Boekpraat.nl
Henk Hagenberg - mijn beste boeken, samengevat
 

 

Kate Summerscale

The suspicions of mr. Whicher
(A shocking murder and the Undoing of a Great Victorian Detective)
© 2008 First published in Great Britain by Bloomsbury Publishing Plc.
372 pagina’s                                                         november 2009

 

 Kate Summerscale
(1965)

 

 

 

 

     

De moord en de schrijfster

In juni 1860 werd het lijkje gevonden van het 3-jarige jongetje Saville Kent. Hij was gedumpt in het schijthuis buiten zijn ouderlijke huis met een doorgesneden keel en een diepe steekwond in zijn hartstreek. Het onderzoek naar de moordenaar kostte een van de beste detectives zijn carrière en veroorzaakte een ware detectivekoorts in Engeland. De familie en huisgenoten van het kind stonden jarenlang bloot aan verdachtmakingen en verdenkingen. Nationaal kreeg de moord in Road Hill een mythische betekenis – een duistere sage over het Victoriaanse gezin en de gevaren van politieonderzoek. 
Auteur Kate Summerscale, de voormalige literaire redacteur van de Daily Telegraph, plaatst de geschiedenis van de Road Hill moord in de sociale en literaire ontwikkelingen van die tijd. Haar boek is geschreven, in een prachtig Victoriaans Engels, als een country house mysterie roman (Cluedo!), spannend en intrigerend, maar 100% gebaseerd op feiten.

De detective
Detectives waren in het midden van de negentiende eeuw een nieuw verschijnsel. De eerste fictieve speurder, August Dupin, verscheen in 1841 in De moorden in de Rue Morgue van Edgar Allen Poe. De eerste echte rechercheurs kreeg Scotland Yard in 1842.
Detective-Inspector Jonathan Whicher, een van die pioniers, werd op 15 juli belast met het onderzoek naar de Road Hill moord (zie kader); dat was twee weken na dat de plaatselijke politie er niet uit was gekomen. De Road Hill moord hield heel Engeland bezig. Honderden mensen stuurden suggesties en oplossingen naar kranten, de Minister en naar de Yard. Nieuwe woorden als clue, hunch, lead en sleuth doken in die tijd op. De thans klassieke detective roman The Moonstone van Wilkie Collins uit 1868 was op de moord geïnspireerd; Mr. Whicher stond model voor de gesloten Sergeant Cuff uit dat boek en voor vrijwel alle andere detectives sindsdien. Bepaalde aspecten van de Road Hill moord kwamen terug in Bleak House and The mystery of Edwin Drood van Charles Dickens en The turn of the Screw van Henry James. 

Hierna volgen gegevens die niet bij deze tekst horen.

(* Let $(\boldsymbol A,\mathcal S)$ be a data pair and $\boldsymbol M$, $\rho$, $d_\rho$ as in the context. Then (i) for all $z\in\mathbb H$, \[ \|\boldsymbol M(z)\|_2\le\frac{1}{d_\rho(z)},\qquad (\operatorname{Im}z)\|\boldsymbol M(z)^{-1}\|_2^{-2}\,1\le\operatorname{Im}\boldsymbol M(z)\le\frac{\operatorname{Im}z}{d_\rho(z)^2}\,1,\qquad \|\boldsymbol M(z)^{-1}\|_2\le|z|+\|\boldsymbol A\|_2+\|\mathcal S\|\,\|\boldsymbol M(z)\|_2; \] (ii) for all $z\in\mathbb H$, $\rho(z)\le\dfrac{\operatorname{Im}z}{\pi d_\rho(z)^2}$.
   Context: $\mathbb H=\{w\in\mathbb C:\operatorname{Im}w>0\}$. On $\mathbb C^{n\times n}$: $\langle\boldsymbol R,\boldsymbol T\rangle=\frac1n\operatorname{Tr}(\boldsymbol R^*\boldsymbol T)$, $\langle\boldsymbol R\rangle=\frac1n\operatorname{Tr}\boldsymbol R$, $\|\cdot\|_2$ the operator norm induced by the Euclidean norm, $\|\mathcal S\|$ the operator norm of a linear map $\mathcal S$ on $\mathbb C^{n\times n}$ induced by $\|\cdot\|_2$; inequalities between Hermitian matrices are in the positive semidefinite order. A data pair $(\boldsymbol A,\mathcal S)$: $\boldsymbol A\in\mathbb C^{n\times n}$ with $\operatorname{Im}\boldsymbol A=\frac1{2i}(\boldsymbol A-\boldsymbol A^* )\le0$, and $\mathcal S$ linear, self-adjoint w.r.t. $\langle\cdot,\cdot\rangle$, positivity preserving. $\boldsymbol M(z)$ is the unique solution of $-\boldsymbol M(z)^{-1}=z1-\boldsymbol A+\mathcal S[\boldsymbol M(z)]$ with positive definite imaginary part; it has the representation $\boldsymbol M(z)=\int\frac{\boldsymbol V(d\tau)}{\tau-z}$ with a unique positive semidefinite matrix-valued measure $\boldsymbol V$, $\boldsymbol V(\mathbb R)=1$. The self-consistent density of states is $\rho(d\tau)=\frac1n\operatorname{Tr}\boldsymbol V(d\tau)$, its harmonic extension is $\rho(z)=\frac1\pi\langle\operatorname{Im}\boldsymbol M(z)\rangle$, and $d_\rho(z)=\operatorname{dist}(z,\operatorname{supp}\rho)$. *)

From HB Require Import structures.
From mathcomp Require Import all_boot all_order all_algebra.
From mathcomp Require Import all_classical all_reals all_analysis.
From mathcomp Require Import complex.
Set Implicit Arguments. Unset Strict Implicit. Unset Printing Implicit Defensive.
Import Order.TTheory GRing.Theory.
Local Open Scope ring_scope.
Local Open Scope classical_set_scope.

Section Defs.
Variables (R : realType) (n : nat).
Local Notation C := R[i].
Local Notation Mx := 'M[C]_n.

Definition rC (r : R) : C := Complex r 0.
Definition iC : C := Complex 0 1.

Definition mxstar p q (X : 'M[C]_(p, q)) : 'M[C]_(q, p) := map_mx (@conjc R) X^T.

Definition qform (X : Mx) (x : 'cV[C]_n) : C := (mxstar x *m X *m x) 0 0.

(* positive semidefinite / positive definite Hermitian matrices;
   the order on C is the standard partial order (0 <= c iff c real, >= 0) *)
Definition hermitian (X : Mx) : Prop := mxstar X = X.
Definition psd (X : Mx) : Prop := hermitian X /\ forall x, 0 <= qform X x.
Definition posdef (X : Mx) : Prop :=
  hermitian X /\ forall x, x != 0 -> 0 < qform X x.
Definition mxle (X Y : Mx) : Prop := psd (Y - X).

Definition ImM (X : Mx) : Mx := (2%:R * iC)^-1 *: (X - mxstar X).

Definition mxinner (X Y : Mx) : C := (n%:R)^-1 * \tr (mxstar X *m Y).
Definition mxavg (X : Mx) : C := (n%:R)^-1 * \tr X.

Definition vnorm (x : 'cV[C]_n) : R :=
  Num.sqrt (\sum_i (complex.Re (x i 0) ^+ 2 + complex.Im (x i 0) ^+ 2)).
Definition opnorm (X : Mx) : R :=
  sup [set vnorm (X *m x) | x in [set x | vnorm x <= 1]].
Definition opnormS (S : Mx -> Mx) : R :=
  sup [set opnorm (S X) | X in [set X | opnorm X <= 1]].

Definition data_pair (A : Mx) (S : {linear Mx -> Mx}) : Prop :=
  mxle (ImM A) 0 /\
  (forall X Y, mxinner X (S Y) = mxinner (S X) Y) /\
  (forall X, psd X -> psd (S X)).

Definition solves_MDE (A : Mx) (S : Mx -> Mx) (M : C -> Mx) : Prop :=
  forall z : C, 0 < complex.Im z ->
    [/\ M z \in unitmx,
        - invmx (M z) = z%:M - A + S (M z)
      & posdef (ImM (M z))].

Definition cintegral (mu : {measure set R -> \bar R}) (f : R -> C) : C :=
  rC (Rintegral mu setT (fun t => complex.Re (f t)))
  + iC * rC (Rintegral mu setT (fun t => complex.Im (f t))).

(* V : Borel sets -> n x n matrices is a positive semidefinite
   matrix-valued measure with M(z) = \int V(dt)/(t - z) on H: for each vector
   x, B |-> x^star V(B) x is a finite (nonnegative) measure mu_x on the Borel sets
   of R, and x^star M(z) x = \int mu_x(dt)/(t - z).  (Quadratic forms determine
   complex matrices, so this is the entrywise definition written out.) *)
Definition matrix_measure_repr (V : set R -> Mx) (M : C -> Mx) : Prop :=
  forall x : 'cV[C]_n, exists mu : {measure set R -> \bar R},
    (forall B, measurable B ->
       psd (V B) /\ complex.Im (qform (V B) x) = 0 /\
       mu B = (complex.Re (qform (V B) x))%:E) /\
    (forall z : C, 0 < complex.Im z ->
       qform (M z) x = cintegral mu (fun t => (rC t - z)^-1)).

Definition rho_meas (V : set R -> Mx) (B : set R) : R :=
  complex.Re (mxavg (V B)).

Definition supp_rho (V : set R -> Mx) : set R :=
  [set t | forall e : R, 0 < e -> 0 < rho_meas V [set s | t - e < s < t + e]].

Definition d_rho (V : set R -> Mx) (z : C) : R :=
  inf [set Normc.normc (z - rC t) | t in supp_rho V].

Definition rho_harm (M : C -> Mx) (z : C) : R :=
  pi^-1 * complex.Re (mxavg (ImM (M z))).

End Defs.

From Pilot Require Import Defs.
From HB Require Import structures.
From mathcomp Require Import all_boot all_order all_algebra.
From mathcomp Require Import all_classical all_reals all_analysis.
From mathcomp Require Import complex.
From mathcomp Require Import ring lra.
Import Order.TTheory GRing.Theory Num.Theory.
Import numFieldNormedType.Exports.
Import Defs.
Local Open Scope ring_scope.
Local Open Scope classical_set_scope.
Local Open Scope complex_scope.
Set Implicit Arguments. Unset Strict Implicit. Unset Printing Implicit Defensive.

(* The Dyson equation gives [Im (x^* M(z) x) >= Im z |M(z) x|^2], since
   [Im A <= 0] and the positivity preserving [S] commutes with taking
   imaginary parts.  The Stieltjes representation gives
   [Im (x^* M x) = \int Im z / |t - z|^2 mu_x(dt) <= Im z / d_rho(z)^2 |x|^2],
   because [mu_x] does not charge the complement of [supp rho] and
   [mu_x(R) = |x|^2].  Comparing the two bounds gives [|M| <= 1 / d_rho] and the
   two matrix inequalities for [Im M]; the bound on [|M^-1|] is the triangle
   inequality in the Dyson equation, and averaging the upper bound over the
   standard basis bounds [rho(z)]. *)

Section ComplexFacts.
Variable R : rcfType.
Local Notation C := R[i].
Local Notation Re := (@complex.Re R).
Local Notation Im := (@complex.Im R).
Local Notation normc := (@Normc.normc R).
Implicit Types (x y : C) (r : R).

Lemma ImD x y : Im (x + y) = Im x + Im y.
Proof. exact: (raddfD (Im : Rcomplex R -> R)). Qed.
Lemma ImN x : Im (- x) = - Im x.
Proof. exact: (raddfN (Im : Rcomplex R -> R)). Qed.
Lemma ImB x y : Im (x - y) = Im x - Im y.
Proof. exact: (raddfB (Im : Rcomplex R -> R)). Qed.
Lemma Re_sum (I : Type) (s : seq I) (P : pred I) (F : I -> C) :
  Re (\sum_(i <- s | P i) F i) = \sum_(i <- s | P i) Re (F i).
Proof. exact: (raddf_sum (Re : Rcomplex R -> R)). Qed.

Lemma Im_mul x y : Im (x * y) = Re x * Im y + Im x * Re y.
Proof. by case: x y => a b [c d]. Qed.
Lemma Re_rCM r x : Re (r%:C * x) = r * Re x.
Proof. by case: x => a b /=; rewrite mul0r subr0. Qed.
Lemma Im_conjc x : Im (conjc x) = - Im x.
Proof. by case: x. Qed.

Lemma conjc_Im0 x : conjc x = x -> Im x = 0.
Proof. by case: x => a b [] /= h; lra. Qed.
Lemma Im0_real x : Im x = 0 -> x = (Re x)%:C.
Proof. by case: x => a b /= ->. Qed.

Lemma normc_ge0 x : 0 <= normc x.
Proof. by case: x => a b; apply: sqrtr_ge0. Qed.
Lemma normc_sqr x : normc x ^+ 2 = Re x ^+ 2 + Im x ^+ 2.
Proof. by case: x => a b; rewrite /= sqr_sqrtr // addr_ge0 ?sqr_ge0. Qed.
Lemma normc_rC r : normc r%:C = `|r|.
Proof. by rewrite /= expr0n addr0 sqrtr_sqr. Qed.
Lemma normc_conjc x : normc (conjc x) = normc x.
Proof. by case: x => a b /=; rewrite sqrrN. Qed.
Lemma mulJc x : conjc x * x = (normc x ^+ 2)%:C.
Proof.
rewrite normc_sqr; case: x => a b; apply/eqP; rewrite eq_complex /=.
by apply/andP; split; apply/eqP; ring.
Qed.
Lemma Im_le_normc x : `|Im x| <= normc x.
Proof.
rewrite -ler_sqr ?nnegrE ?normc_ge0 // real_normK ?num_real // normc_sqr.
by rewrite lerDr sqr_ge0.
Qed.
Lemma Im_inv_real_sub x r : Im ((r%:C - x)^-1) = Im x / ((r - Re x) ^+ 2 + Im x ^+ 2).
Proof. by case: x => a b; rewrite /= sub0r sqrrN mulNr opprK. Qed.
Lemma normc_sub_real x r : normc (x - r%:C) ^+ 2 = (r - Re x) ^+ 2 + Im x ^+ 2.
Proof. by rewrite normc_sqr; case: x => a b /=; rewrite subr0 -sqrrN opprB. Qed.

Lemma normc_sum (I : Type) (s : seq I) (P : pred I) (F : I -> C) :
  normc (\sum_(i <- s | P i) F i) <= \sum_(i <- s | P i) normc (F i).
Proof.
elim/big_rec2: _ => [|i a b _ IH]; first by rewrite Normc.normc0.
by rewrite (le_trans (le_normcD _ _)) // lerD2l.
Qed.
End ComplexFacts.

Section Adjoint.
Variable R : realType.
Local Notation C := R[i].

Lemma mxstarE p q (X : 'M[C]_(p, q)) i j : mxstar X i j = conjc (X j i).
Proof. by rewrite !mxE. Qed.

Lemma mxstarK p q (X : 'M[C]_(p, q)) : mxstar (mxstar X) = X.
Proof. by apply/matrixP => i j; rewrite !mxstarE conjcK. Qed.

Lemma mxstarD p q (X Y : 'M[C]_(p, q)) : mxstar (X + Y) = mxstar X + mxstar Y.
Proof. by apply/matrixP => i j; rewrite !(mxstarE, mxE) rmorphD. Qed.

Lemma mxstarN p q (X : 'M[C]_(p, q)) : mxstar (- X) = - mxstar X.
Proof. by apply/matrixP => i j; rewrite !(mxstarE, mxE) rmorphN. Qed.

Lemma mxstarB p q (X Y : 'M[C]_(p, q)) : mxstar (X - Y) = mxstar X - mxstar Y.
Proof. by rewrite mxstarD mxstarN. Qed.

Lemma mxstarZ p q (c : C) (X : 'M[C]_(p, q)) :
  mxstar (c *: X) = conjc c *: mxstar X.
Proof. by apply/matrixP => i j; rewrite !(mxstarE, mxE) rmorphM. Qed.

Lemma mxstarM p q r (X : 'M[C]_(p, q)) (Y : 'M[C]_(q, r)) :
  mxstar (X *m Y) = mxstar Y *m mxstar X.
Proof. by rewrite /mxstar trmx_mul map_mxM. Qed.

Lemma mxstar_scalar m (c : C) : mxstar (c%:M : 'M[C]_m) = (conjc c)%:M.
Proof. by rewrite /mxstar tr_scalar_mx map_scalar_mx. Qed.
End Adjoint.

Section Forms.
Variables (R : realType) (n : nat).
Local Notation C := R[i].
Local Notation Re := (@complex.Re R).
Local Notation Im := (@complex.Im R).
Local Notation normc := (@Normc.normc R).
Local Notation Mx := 'M[C]_n.
Local Notation cv := 'cV[C]_n.
Implicit Types (X Y : Mx) (x u v w : cv).

Definition sesq X u v : C := (mxstar u *m X *m v) 0 0.

Lemma qform_sesq X x : qform X x = sesq X x x. Proof. by []. Qed.

Lemma sesqDl X u v w : sesq X (u + v) w = sesq X u w + sesq X v w.
Proof. by rewrite /sesq mxstarD !mulmxDl mxE. Qed.
Lemma sesqDr X u v w : sesq X u (v + w) = sesq X u v + sesq X u w.
Proof. by rewrite /sesq mulmxDr mxE. Qed.
Lemma sesqZl X c u v : sesq X (c *: u) v = conjc c * sesq X u v.
Proof. by rewrite /sesq mxstarZ -!scalemxAl mxE. Qed.
Lemma sesqZr X c u v : sesq X u (c *: v) = c * sesq X u v.
Proof. by rewrite /sesq -scalemxAr mxE. Qed.
Lemma sesq_delta X i j : sesq X (delta_mx i 0) (delta_mx j 0) = X i j.
Proof.
rewrite /sesq; have -> : mxstar (delta_mx i 0 : cv) = delta_mx 0 i.
  by apply/matrixP => a b; rewrite mxstarE !mxE (ord1 a) eqxx andbT conjc_nat.
by rewrite -rowE -colE !mxE.
Qed.

Lemma qformD X Y x : qform (X + Y) x = qform X x + qform Y x.
Proof. by rewrite /qform mulmxDr mulmxDl mxE. Qed.
Lemma qformN X x : qform (- X) x = - qform X x.
Proof. by rewrite /qform mulmxN mulNmx mxE. Qed.
Lemma qformB X Y x : qform (X - Y) x = qform X x - qform Y x.
Proof. by rewrite qformD qformN. Qed.
Lemma qformZ c X x : qform (c *: X) x = c * qform X x.
Proof. by rewrite /qform -scalemxAr -scalemxAl mxE. Qed.
Lemma qform_mxstar X x : qform (mxstar X) x = conjc (qform X x).
Proof.
rewrite /qform -[conjc _](mxstarE (mxstar x *m X *m x)).
by rewrite !mxstarM mxstarK mulmxA.
Qed.
(* Let $\mathbf{N}_1,\dots,\mathbf{N}_L$ be nonsingular $D\times D$ integer matrices that are pairwise commutative and coprime, i.e. $\mathbf{N}_i\mathbf{N}_j=\mathbf{N}_j\mathbf{N}_i$ and $\mathbf{N}_i,\mathbf{N}_j$ are coprime for all $i\ne j$. Then for any subset $\{i_1,\dots,i_p\}\subset\{1,\dots,L\}$ and any subset $\{j_1,\dots,j_q\}\subset\{1,\dots,L\}\setminus\{i_1,\dots,i_p\}$, the matrices $\mathbf{N}_{i_1}\cdots\mathbf{N}_{i_p}$ and $\mathbf{N}_{j_1}\cdots\mathbf{N}_{j_q}$ are commutative and coprime. Moreover, for any subset $\{i_1,\dots,i_p\}$ with $p\ge 2$, $\mathbf{N}_{i_1}\cdots\mathbf{N}_{i_p}$ is an lcm (i.e. simultaneously an lcrm and an lclm) of $\mathbf{N}_{i_1},\dots,\mathbf{N}_{i_p}$.
   Context: All matrices are $D\times D$ integer matrices. Two integer matrices are left (resp. right) coprime if every common left (resp. right) divisor is unimodular (integer with determinant $\pm1$); $\mathbf{A}$ is a left divisor of $\mathbf{M}$ if $\mathbf{A}^{-1}\mathbf{M}$ is an integer matrix, a right divisor if $\mathbf{M}\mathbf{A}^{-1}$ is. For commuting nonsingular integer matrices, left and right coprimeness are equivalent and are simply called ''coprime''. Crm/lcrm: a nonsingular integer $\mathbf{C}$ with $\mathbf{C}=\mathbf{M}_i\mathbf{P}_i$ ($\mathbf{P}_i$ integer) for all $i$ is a crm; an lcrm is a crm $\mathbf{R}$ such that every crm equals $\mathbf{R}\mathbf{A}$ for an integer $\mathbf{A}$; clm/lclm are defined symmetrically with left multiplication. An ''lcm'' means a matrix that is both an lcrm and an lclm. *)

From HB Require Import structures.
From mathcomp Require Import all_boot all_order all_algebra.
Set Implicit Arguments. Unset Strict Implicit. Unset Printing Implicit Defensive.
Import Order.TTheory GRing.Theory Num.Theory.
Local Open Scope ring_scope.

'One day, 15 July 1860, Detective-Inspector Jonathan Whicher of Scotland Yard, took a cab to Paddington Station. There he bought two rail tickets: one to Chippenham, Wiltshire, ninety-four miles away, another from Chippenham to Trowbridge, about 20 miles on. Paddington Station was a shining vault of iron and glass, built by Isambard Kingdom Brunel six years earlier, its interior hot with smoke and sun. Jack Whicher knew the place well – the thieves of London thrived on the surging, anonymous crowds, the swift comings and goings, the thrilling muddle of types and classes’ (citaat uit het besproken boek)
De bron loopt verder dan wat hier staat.